> _Stored data_
=== Section Start ===

Definition Pclause (X : pmodel) (p : form) : Prop :=
  match p with
  | fT t | fNT t => Ppos X (val t)
  | fAnd a b =>
      (Ppos X (code a) /\ Ppos X (code b)) \/ (Tpos X (code a) /\ Ppos X (code b)) \/
      (Tpos X (code b) /\ Ppos X (code a))
  | fOr a b =>
      (Ppos X (code a) /\ Ppos X (code b)) \/ (Tneg X (code a) /\ Ppos X (code b)) \/
      (Tneg X (code b) /\ Ppos X (code a))
  | fAll a =>
      (exists y, Ppos X (code (inst a (num y)))) /\
      (forall y, Ppos X (code (inst a (num y))) \/ Tpos X (code (inst a (num y))))
  | fEx a =>
      (exists y, Ppos X (code (inst a (num y)))) /\
      (forall y, Ppos X (code (inst a (num y))) \/ Tneg X (code (inst a (num y))))
  | _ => False
  end.

Lemma SatScrP_code_inv X p :
  SatScrP X (code p) -> (Bset (code p) \/ Bset (code (neg p))) \/ Pclause X p.
Proof.
  unfold SatScrP.
  intros [(q & _ & E & H) | [(t & _ & E & H) | [(t & _ & E & H) | [(a & b & _ & E & H)
    | [(a & b & _ & E & H) | [(a & _ & E & H) | (a & _ & E & H)]]]]]];
    apply code_inj in E; subst; [left | right ..]; exact H.
Qed.

Record coherent (X : pmodel) : Prop := {
  coherent_consistent : consistent X;
  coherent_Ppos_Tpos : forall n, ~ (Ppos X n /\ Tpos X n);
  coherent_Ppos_Tneg : forall n, ~ (Ppos X n /\ Tneg X n) }.

Section Jump.

Variable X : pmodel.
Hypothesis X_coherent : coherent X.
Hypothesis X_inflationary : pm_le X (GammaTP X).

Let X_consistent : consistent X := coherent_consistent X X_coherent.

Lemma Tpos_SK p : Tpos X (code p) -> SK X p.
Proof.
  intros (q & _ & E%code_inj & Hq)%(proj1 X_inflationary); subst q; exact Hq.
Qed.

Lemma Tneg_SK p : Tneg X (code p) -> SK X (neg p).
Proof.
  intros (q & _ & E%code_inj & Hq)%(proj1 (proj2 X_inflationary)); subst q; exact Hq.
Qed.

Lemma Ppos_SatScrP p : Ppos X (code p) -> SatScrP X (code p).
Proof.
  intros (q & _ & E%code_inj & Hq)%(proj1 (proj2 (proj2 X_inflationary))).
  subst q; exact Hq.
Qed.

Lemma base_paradoxical_not_SK p : base_paradoxical p -> ~ SK X p /\ ~ SK X (neg p).
Proof.
  intros (_ & [Hp _] & [Hnp _]); split; intro H.
  - apply (SK_not_both X p X_consistent H), Tneg_SK.
    pose proof (PASK_sound_single X _ _ X_consistent Hp H) as Hq; simpl in Hq.
    now rewrite <- val_tval, val_quote in Hq.
  - apply (SK_not_both X p X_consistent); [apply Tpos_SK | exact H].
    pose proof (PASK_sound_single X _ _ X_consistent Hnp H) as Hq; simpl in Hq.
    now rewrite <- val_tval, val_quote in Hq.
Qed.

Lemma Pi_not_SK p : Bset (code p) \/ Bset (code (neg p)) -> ~ SK X p.
Proof.
  intros [Hp%Bset_code | Hnp%Bset_code].
  - apply (base_paradoxical_not_SK p Hp).
  - rewrite <- (neg_involutive p). apply (base_paradoxical_not_SK _ Hnp).
Qed.

Lemma not_SatScrP_of_Pclause p :
  SK X p -> ~ Pclause X p -> ~ Pclause X (neg p) ->
  ~ SatScrP X (code p) /\ ~ SatScrP X (code (neg p)).
Proof.
  intros Hp Hc Hnc; split; intros [Hpi | ?]%SatScrP_code_inv; try contradiction.
  - exact (Pi_not_SK p Hpi Hp).
  - rewrite neg_involutive in Hpi. apply (Pi_not_SK p); tauto.
Qed.

Lemma SK_not_Tneg p : SK X p -> ~ Tneg X (code p).
Proof. intros Hp Hn%Tneg_SK; exact (SK_not_both X p X_consistent Hp Hn). Qed.

Lemma SK_not_Tpos_neg p : SK X p -> ~ Tpos X (code (neg p)).
Proof. intros Hp Hn%Tpos_SK; exact (SK_not_both X p X_consistent Hp Hn). Qed.

Lemma SK_not_SatScrP p :
  SK X p -> ~ SatScrP X (code p) /\ ~ SatScrP X (code (neg p)).
Proof.
  assert (not_Ppos : forall q, ~ SatScrP X (code q) -> ~ Ppos X (code q))
    by (intros q Hq H; exact (Hq (Ppos_SatScrP q H))).
  intros Hp; induction Hp as [s t | s t | t Ht | t Ht | t | t
    | a b Ha [IHa IHna] Hb [IHb IHnb] | a b Ha [IHa IHna] | a b Hb [IHb IHnb]
    | a Ha IH | a n Ha [IH IHn]];
    apply not_SatScrP_of_Pclause; try solve [econstructor; eauto | simpl; tauto];
    simpl.
  - intro H; exact (coherent_Ppos_Tpos X X_coherent _ (conj H Ht)).
  - intro H; exact (coherent_Ppos_Tpos X X_coherent _ (conj H Ht)).
  - intro H; exact (coherent_Ppos_Tneg X X_coherent _ (conj H Ht)).
  - intro H; exact (coherent_Ppos_Tneg X X_coherent _ (conj H Ht)).
  - apply not_Ppos in IHa, IHb; tauto.
  - apply not_Ppos in IHna, IHnb; tauto.
  - pose proof (SK_not_Tneg a Ha); apply not_Ppos in IHa; tauto.
  - pose proof (SK_not_Tpos_neg a Ha); apply not_Ppos in IHna; tauto.
  - pose proof (SK_not_Tneg b Hb); apply not_Ppos in IHb; tauto.
  - pose proof (SK_not_Tpos_neg b Hb); apply not_Ppos in IHnb; tauto.
  - intros [[y Hy] _]; exact (not_Ppos _ (proj1 (IH y)) Hy).
  - intros [[y Hy] _]; rewrite inst_neg in Hy; exact (not_Ppos _ (proj2 (IH y)) Hy).
  - intros [_ Hall]; destruct (Hall n) as [Hy | Hy].
    + exact (not_Ppos _ IH Hy).
    + exact (SK_not_Tneg _ Ha Hy).
  - intros [_ Hall]; destruct (Hall n) as [Hy | Hy]; rewrite inst_neg in Hy.
    + exact (not_Ppos _ IHn Hy).
    + exact (SK_not_Tpos_neg _ Ha Hy).
Qed.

=== Section End ===

> _What you have to do_
All that is wanted is the stretch of lines above from the one containing "Lemma SK_not_Tpos_neg p" through the one containing "intros Hp; induction", duplicated exactly.

> _Solution for this exercise_
Lemma SK_not_Tpos_neg p : SK X p -> ~ Tpos X (code (neg p)).
Proof. intros Hp Hn%Tpos_SK; exact (SK_not_both X p X_consistent Hp Hn). Qed.

Lemma SK_not_SatScrP p :
  SK X p -> ~ SatScrP X (code p) /\ ~ SatScrP X (code (neg p)).
Proof.
  assert (not_Ppos : forall q, ~ SatScrP X (code q) -> ~ Ppos X (code q))
    by (intros q Hq H; exact (Hq (Ppos_SatScrP q H))).
  intros Hp; induction Hp as [s t | s t | t Ht | t Ht | t | t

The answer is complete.